Bu arazinin miktarı nedir? Araştırılırsa görülür ki, memleketimizin genişliğine bakarak
hiç kimsenin büyük arazisi yoktur. Bundan dolayı bu arazi sahipleri de
korunacak insanlardır. Sonra sanat sahipleriyle kasabalarda ticaret yapan küçük
tüccarlar gelir. Doğal olarak bunların çıkarlarını bugününü ve geleceklerini
sağlamak ve korumak zorundayız. Çiftçilerin karşısında olduğunu var saydığımız
büyük arazi sahipleri gibi bu ticaret sahiplerinin karşısında da büyük sermaye sahibi
insanlar yoktur. Kaç milyonerimiz var? Hiç. Bundan dolayı biraz parası olanlara
da düşman olacak değiliz. Tersine memleketimizde birçok milyonerlerin hatta
milyarderlerin yetişmesine çalışacağız.Sonra işçi gelir. Bugün memleketimizde
fabrika, imalâthane ve benzeri kurumlar çok sınırlıdır. Var olan işçimizin miktarı yirmi
bini geçmez. Halbuki memleketi yükseltmek için çok fabrikalara gerek vardır. Bunun
için de işçi lâzımdır. Bundan dolayı tarlada çalışan çiftçilerden farkı olmayan işçiyi de
korumak gerekir. Bundan sonra aydınlar ve âlimler denilen kişiler gelir. Bu aydınlar ve
âlimler kendi kendilerine toplanıp halka düşman olabilir mi? Bunlara düşen görev halkın
içine girerek onları uyarmak ve yükseltmek ve onlara gelişme ve medenileşmede önder
olmaktır. İşte ben milletimizi böyle görüyorum.

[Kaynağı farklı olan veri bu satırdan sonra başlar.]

(* Assume Case 3 holds. Then for every $n\ge1$ the order of $Q^n$ with respect to $z$, i.e. $\min\{i: \text{the coefficient of } z^iw^j \text{ in } Q^n \text{ is nonzero for some } j\}$, equals $\gamma_n$. Consequently $(\gamma_n,d^n)$ is the vertex of $N(Q^n)$ with minimal $x$-coordinate, and $N(Q^n)\subset\{(x,y):x\ge\gamma_n,\ x+l_2y\ge\gamma_n+l_2d^n\}$.
   Context: Let $f(z,w)=(p(z),q(z,w))$ be a holomorphic skew product germ at the origin of $\mathbb{C}^2$ with $f(0,0)=(0,0)$, where $p(z)=a_\delta z^\delta+O(z^{\delta+1})$ with $a_\delta\neq0$ and integer $\delta\ge1$, and $q(z,w)=\sum_{i+j\ge1}b_{ij}z^iw^j$ is not identically zero. For $n\ge1$ write $f^n=(p^n,Q^n)$. The Newton polygon $N(g)$ of a nonzero germ $g=\sum g_{ij}z^iw^j$ is the convex hull of $\bigcup_{g_{ij}\neq0}\{(x,y):x\ge i,\ y\ge j\}$. Let $(n_1,m_1),\dots,(n_s,m_s)$ be the vertices of $N(q)$ with $n_1<\cdots<n_s$, $m_1>\cdots>m_s$; for $1\le k\le s-1$ let $T_k$ be the $y$-intercept of the line through $(n_k,m_k)$ and $(n_{k+1},m_{k+1})$. Case 3 means: $s>1$ and $T_1\le\delta$; set $(\gamma,d)=(n_1,m_1)$ and $l_2=\frac{n_2-n_1}{m_1-m_2}$. Define $\gamma_n=\gamma(\delta^{n-1}+\delta^{n-2}d+\cdots+d^{n-1})$. *)

From mathcomp Require Import all_boot all_order all_algebra.
From mathcomp Require Import reals.
From mathcomp.real_closed Require Export complex.
Set Implicit Arguments.
Unset Strict Implicit.
Unset Printing Implicit Defensive.
Import Order.TTheory GRing.Theory Num.Theory.
Local Open Scope ring_scope.

(* A (formal) power series in two variables z, w: g i j is the coefficient
   of z^i w^j. *)
Definition ps2 (C : Type) := nat -> nat -> C.

Section PowerSeries.
Variable C : comNzRingType.

Definition psmul (a b : ps2 C) : ps2 C := fun i j =>
  \sum_(i1 < i.+1) \sum_(j1 < j.+1) a i1 j1 * b (i - i1)%N (j - j1)%N.

Definition ps1 : ps2 C := fun i j => if (i == 0%N) && (j == 0%N) then 1 else 0.

Definition psexp (a : ps2 C) (n : nat) : ps2 C := iter n (psmul a) ps1.

(* Composition g(A(z,w), B(z,w)) for series A, B without constant term:
   since A^k B^l has total order >= k + l, the coefficient of z^i w^j only
   involves the terms g k l with k, l <= i + j. *)
Definition pscomp (g A B : ps2 C) : ps2 C := fun i j =>
  \sum_(k < (i + j).+1) \sum_(l < (i + j).+1)
     g k l * psmul (psexp A k) (psexp B l) i j.

Definition psZ : ps2 C := fun i j => if (i == 1%N) && (j == 0%N) then 1 else 0.
Definition psW : ps2 C := fun i j => if (i == 0%N) && (j == 1%N) then 1 else 0.

Definition ps_of1 (p : nat -> C) : ps2 C := fun i j => if j == 0%N then p i else 0.

(* f^n = (p^n, Q^n) for the skew product f = (p, q); f^0 = id and
   f^(n+1) = f o f^n, i.e. (p^(n+1), Q^(n+1)) = (p(p^n), q(p^n, Q^n)). *)
Definition skew_iter (p : nat -> C) (q : ps2 C) (n : nat) : ps2 C * ps2 C :=
  iter n (fun PQ => (pscomp (ps_of1 p) PQ.1 PQ.2, pscomp q PQ.1 PQ.2)) (psZ, psW).

Definition Qiter (p : nat -> C) (q : ps2 C) (n : nat) : ps2 C := (skew_iter p q n).2.

End PowerSeries.

(* convergence (holomorphic germ): coefficients bounded by M r^-(i+j) *)
Definition convergent1 (C : numDomainType) (p : nat -> C) : Prop :=
  exists r M : C, 0 < r /\ forall i, `|p i| * r ^+ i <= M.
Definition convergent2 (C : numDomainType) (g : ps2 C) : Prop :=
  exists r M : C, 0 < r /\ forall i j, `|g i j| * r ^+ (i + j) <= M.

(* Newton polygon: convex hull of the union over the support of the quadrants
   {(x,y) : x >= i, y >= j}; the convex hull is the set of finite convex
   combinations of points of that union. *)
Definition newton_polygon (R : realType) (C : nzRingType) (g : ps2 C) :
    R * R -> Prop := fun P =>
  exists (n : nat) (t : 'I_n -> R) (X : 'I_n -> R * R),
    [/\ forall k, 0 <= t k,
        \sum_(k < n) t k = 1,
        forall k, exists i j, [/\ g i j != 0, i%:R <= (X k).1 & j%:R <= (X k).2],
        P.1 = \sum_(k < n) t k * (X k).1
      & P.2 = \sum_(k < n) t k * (X k).2].

Arguments newton_polygon R {C} g.

Definition is_vertex (R : realType) (S : R * R -> Prop) (P : R * R) : Prop :=
  S P /\ forall A B : R * R, forall t : R, S A -> S B -> 0 < t < 1 ->
    P = (t * A.1 + (1 - t) * B.1, t * A.2 + (1 - t) * B.2) -> A = B.

From mathcomp Require Import all_boot all_order all_algebra.
From mathcomp Require Import reals.
From mathcomp.real_closed Require Import complex.
From mathcomp Require Import zify ring lra.
From Stdlib Require Import FunctionalExtensionality Classical.
Import Order.TTheory GRing.Theory Num.Theory.
Local Open Scope ring_scope.

(* Put a = m1 - m2 and b = n2 - n1.  The vertex list of N(q) shows that
   the support of q lies right of x = n1 and above the first edge
   a x + b y >= a n1 + b m1, and Case 3 says that (n1, m1) lies below the line
   a x + b y = b delta.  Since Q^(n+1) = q(p^n, Q^n), where p^n has z-order
   delta^n, an induction on n shows: Q^n has z-order gamma_n, satisfies the
   weighted bound a x + b y >= a gamma_n + b d^n, and its z^gamma_n-coefficient
   has w-order exactly d^n; at each step only the monomial q_(n1,m1)
   contributes to these lowest terms. *)

Set Implicit Arguments. Unset Strict Implicit.

Section WeightedOrder.
Variable C : comNzRingType.

(* [wdeg_ge a b g c]: every monomial z^i w^j in the support of g has weighted
   degree a i + b j >= c.  With (a, b) = (1, 0) this bounds the order in z. *)
Definition wdeg_ge (a b : nat) (g : ps2 C) (c : nat) :=
  forall i j, g i j != 0 -> (c <= a * i + b * j)%N.

Lemma wdeg_ge_mul a b x y c1 c2 :
  wdeg_ge a b x c1 -> wdeg_ge a b y c2 -> wdeg_ge a b (psmul x y) (c1 + c2).
Proof.
move=> hx hy i j; apply: contraR => hlt; rewrite /psmul big1 // => i1 _.
rewrite big1 // => j1 _.
case: (eqVneq (x i1 j1) 0) => [->|/hx h1]; first by rewrite mul0r.
case: (eqVneq (y (i - i1)%N (j - j1)%N) 0) => [->|/hy h2]; first by rewrite mulr0.
exfalso; move: (ltn_ord i1) (ltn_ord j1) => l1 l2; move: hlt; rewrite -ltnNge.
rewrite !mulnBr in h2.
have := leq_mul (leqnn a) (l1 : (i1 <= i)%N).
have := leq_mul (leqnn b) (l2 : (j1 <= j)%N).
lia.
Qed.

Lemma psexpS (A : ps2 C) k : psexp A k.+1 = psmul A (psexp A k).
Proof. by []. Qed.

Lemma wdeg_ge_exp a b A c k : wdeg_ge a b A c -> wdeg_ge a b (psexp A k) (k * c).
Proof.
move=> hA; elim: k => [|k IH] i j; first by rewrite mul0n.
by rewrite psexpS mulSn; apply: wdeg_ge_mul.
Qed.

Lemma wdeg_ge_comp a b g A B cA cB c : wdeg_ge a b A cA -> wdeg_ge a b B cB ->
  (forall k l, g k l != 0 -> (c <= k * cA + l * cB)%N) -> wdeg_ge a b (pscomp g A B) c.
Proof.
move=> hA hB hg i j; apply: contraR => hlt; rewrite /pscomp big1 // => k _.
rewrite big1 // => l _.
case: (eqVneq (g k l) 0) => [->|/hg h1]; first by rewrite mul0r.
case: (eqVneq (psmul (psexp A k) (psexp B l) i j) 0) => [->|]; first by rewrite mulr0.
move/(wdeg_ge_mul (wdeg_ge_exp (k:=k) hA) (wdeg_ge_exp (k:=l) hB)) => h2.
by exfalso; move: hlt; rewrite -ltnNge; lia.
Qed.

(* Every series has weighted degree >= 0; this is all that is needed about the
   second argument when composing with a series p(z) independent of w. *)
Lemma wdeg_ge0 a b g : wdeg_ge a b g 0.
Proof. by []. Qed.

Definition zseries (X : ps2 C) := forall i j, j != 0%N -> X i j = 0.

Lemma zseries_mul x y : zseries x -> zseries y -> zseries (psmul x y).
Proof.
move=> hx hy i j hj; rewrite /psmul big1 // => i1 _; rewrite big1 // => j1 _.
case: (eqVneq (nat_of_ord j1) 0%N) => [->|/hx ->]; last by rewrite mul0r.
by rewrite hy ?mulr0 // subn0.
Qed.

Lemma zseries_ps1 : zseries (ps1 C).
Proof. by move=> i j hj; rewrite /ps1 (negbTE hj) andbF. Qed.

Lemma zseries_exp A k : zseries A -> zseries (psexp A k).
Proof. by move=> hA; elim: k => [|k IH]; [exact: zseries_ps1 | exact: zseries_mul]. Qed.

Lemma zseries_comp p A B : zseries A -> zseries (pscomp (ps_of1 p) A B).
Proof.
move=> hA i j hj; rewrite /pscomp big1 // => k _; rewrite big1 // => l _.
rewrite /ps_of1; case: (eqVneq (nat_of_ord l) 0%N) => [->|_]; last by rewrite mul0r.
by rewrite zseries_mul ?mulr0 //; [exact: zseries_exp | exact: zseries_ps1].
Qed.

Lemma wdeg_ge_zseries a b X c : zseries X -> wdeg_ge 1 0 X c -> wdeg_ge a b X (a * c).
Proof.
move=> hz hX i j hij; case: (eqVneq j 0%N) => [ej|hj]; last by rewrite hz ?eqxx in hij.
by move: (hX _ _ hij); rewrite ej; nia.
Qed.

(* [zcoef A r]: the coefficient of z^r in A, a series in w (placed at i = 0). *)
Definition zcoef (A : ps2 C) (r : nat) : ps2 C :=
  fun i j => if i == 0%N then A r j else 0.

Lemma psmul_z0 (x y : ps2 C) j :
  psmul x y 0 j = \sum_(j1 < j.+1) x 0%N j1 * y 0%N (j - j1)%N.
Proof. by rewrite /psmul big_ord1. Qed.

Lemma psmul_zlowest (x y : ps2 C) cx cy j : wdeg_ge 1 0 x cx -> wdeg_ge 1 0 y cy ->
  psmul x y (cx + cy)%N j = \sum_(j1 < j.+1) x cx j1 * y cy (j - j1)%N.
Proof.
move=> hx hy; rewrite /psmul.
have hl : (cx < (cx + cy).+1)%N by lia.
rewrite (bigD1 (Ordinal hl)) //= [X in _ + X]big1 ?addr0; first by rewrite addKn.
move=> i1 hi1; rewrite big1 // => j1 _.
case: (eqVneq (x i1 j1) 0) => [->|/hx h1]; first by rewrite mul0r.
case: (eqVneq (y (cx + cy - i1)%N (j - j1)%N) 0) => [->|/hy h2]; first by rewrite mulr0.
exfalso; move: hi1 => /eqP; apply; apply: val_inj => /=.
have := ltn_ord i1; move: h1 h2; rewrite !mul1n !mul0n !addn0; lia.
Qed.

Lemma zcoefM A B cA cB : wdeg_ge 1 0 A cA -> wdeg_ge 1 0 B cB ->
  zcoef (psmul A B) (cA + cB) = psmul (zcoef A cA) (zcoef B cB).
Proof.
move=> hA hB; apply: functional_extensionality => i; apply: functional_extensionality => j.
case: (eqVneq i 0%N) => [->|hi]; first by rewrite psmul_z0 /zcoef /= psmul_zlowest.
rewrite /zcoef (negbTE hi) /psmul big1 // => i1 _; rewrite big1 // => j1 _.
case: (eqVneq (nat_of_ord i1) 0%N) => [->|hi1]; last by rewrite mul0r.
by rewrite subn0 (negbTE hi) mulr0.
Qed.

Lemma zcoefX A c k : wdeg_ge 1 0 A c -> zcoef (psexp A k) (k * c) = psexp (zcoef A c) k.
Proof.
move=> hA; elim: k => [|k IH].
  apply: functional_extensionality => i; apply: functional_extensionality => j.
  by rewrite /zcoef /= /ps1; case: (i == 0%N).
by rewrite psexpS mulSn zcoefM ?IH //; apply: wdeg_ge_exp.
Qed.

(* The contribution of the monomial g_kl z^k w^l to the z^c-coefficient of
   g(A, B): only monomials with k cA + l cB = c contribute, through the lowest
   z-coefficients of A and B. *)
Definition initial_term (g A B : ps2 C) (cA cB c j : nat) := fun k l : nat =>
  if (k * cA + l * cB == c)%N then
    g k l * psmul (psexp (zcoef A cA) k) (psexp (zcoef B cB) l) 0 j
  else 0.

Lemma pscomp_initial g A B cA cB c j : wdeg_ge 1 0 A cA -> wdeg_ge 1 0 B cB ->
  (forall k l, g k l != 0 -> (c <= k * cA + l * cB)%N) ->
  pscomp g A B c j =
    \sum_(k < (c + j).+1) \sum_(l < (c + j).+1) initial_term g A B cA cB c j k l.
Proof.
move=> hA hB hg; apply: eq_bigr => k _; apply: eq_bigr => l _; rewrite /initial_term.
case: (eqVneq (g k l) 0) => [->|gne]; first by case: ifP; rewrite ?mul0r.
have := hg _ _ gne; case: eqP => [e _|hne hle].
  rewrite -[X in psmul (psexp A k) _ X]e -(zcoefX _ hA) -(zcoefX _ hB) -zcoefM //;
  exact: wdeg_ge_exp.
case: (eqVneq (psmul (psexp A k) (psexp B l) c j) 0) => [->|]; first by rewrite mulr0.
move/(wdeg_ge_mul (wdeg_ge_exp (k:=k) hA) (wdeg_ge_exp (k:=l) hB)); rewrite mul1n mul0n addn0 => h.
by exfalso; apply: hne; apply/eqP; rewrite eqn_leq h hle.
Qed.

Lemma zcoef_worder (X : ps2 C) r e :
  (forall j, (j < e)%N -> X r j = 0) -> wdeg_ge 0 1 (zcoef X r) e.
Proof.
move=> hX i j; rewrite /zcoef; case: ifP => _; last by rewrite eqxx.
by rewrite mul0n add0n mul1n leqNgt; apply: contra => /hX ->.
Qed.

Lemma psmul_wlowest (x y : ps2 C) e1 e2 : wdeg_ge 0 1 x e1 -> wdeg_ge 0 1 y e2 ->
  psmul x y 0 (e1 + e2)%N = x 0%N e1 * y 0%N e2.
Proof.
move=> hx hy; rewrite psmul_z0.
have hl : (e1 < (e1 + e2).+1)%N by lia.
rewrite (bigD1 (Ordinal hl)) //= [X in _ + X]big1 ?addr0; first by rewrite addKn.
move=> j1 hj1.
case: (eqVneq (x 0%N j1) 0) => [->|/hx h1]; first by rewrite mul0r.
case: (eqVneq (y 0%N (e1 + e2 - j1)%N) 0) => [->|/hy h2]; first by rewrite mulr0.
exfalso; move: hj1 => /eqP; apply; apply: val_inj => /=.
have := ltn_ord j1; move: h1 h2; rewrite !mul1n !mul0n !add0n; lia.
Qed.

Bundan dolayı çeşitli meslek
sahiplerinin çıkarları birbiriyle iç içe olduğundan, onları sınıflara ayırmak
imkânı yoktur ve geneli halktan oluşmaktadır..." (Atatürk'ün söylev ve demeçleri
I-III, Bugünkü dille yayına hazırlayanlar:Prof.Dr. Ali SEVİM, Prof.Dr. M.Akif TURAL,
Prof.Dr. İzzet ÖZTOPRAK, sayfa: 93-103) (abç)

İşte kemalist demagojinin örneklerinin bolca sergilendiği bir konuşma. Bakalım


gerçekler böyle mi? Elbette hayır. İşte o dönemi rakamlarla analiz eden bir
araştırmacının verilerinden tarihsel gerçek:
"Birinci Dünya Savaşı başlangıcına doğru büyük toprak sahibi ağalar (köy nüfusunun
%1'i) tüm işlenen toprakların %39,3 ünü, küçük toprak ağaları ve zengin köylüler (%4)
toprakların %26,2 sini ellerinde tutuyorlar, köylü ailelerin (köy nüfusunun %95'i)
payına ise işlenen toprakların %34,5'i kalıyordu.

Kemalist devrimden sonra Türkiye'de toprak mülkiyetinin tablosu az değişmiştir.


Türkiye'de 1920 yılları sonu ve 30 yılları başındaki toprak mülkiyeti ve toprak
kullanımına ilişkin güvenilir veriler yoktur. Üstelik bazı bilgilere göre büyük toprak
toprak sahiplerinin ülkede tüm işlenen toprakların %40-50'sini ellerinde tuttukları
sonucuna ulaşmak olanaklıdır." (Y.N. Rozaliyev, Türkiye'de Kapitalizmin Gelişme
Özellikleri,Onur yayınları,Aralık 1978, sayfa:23)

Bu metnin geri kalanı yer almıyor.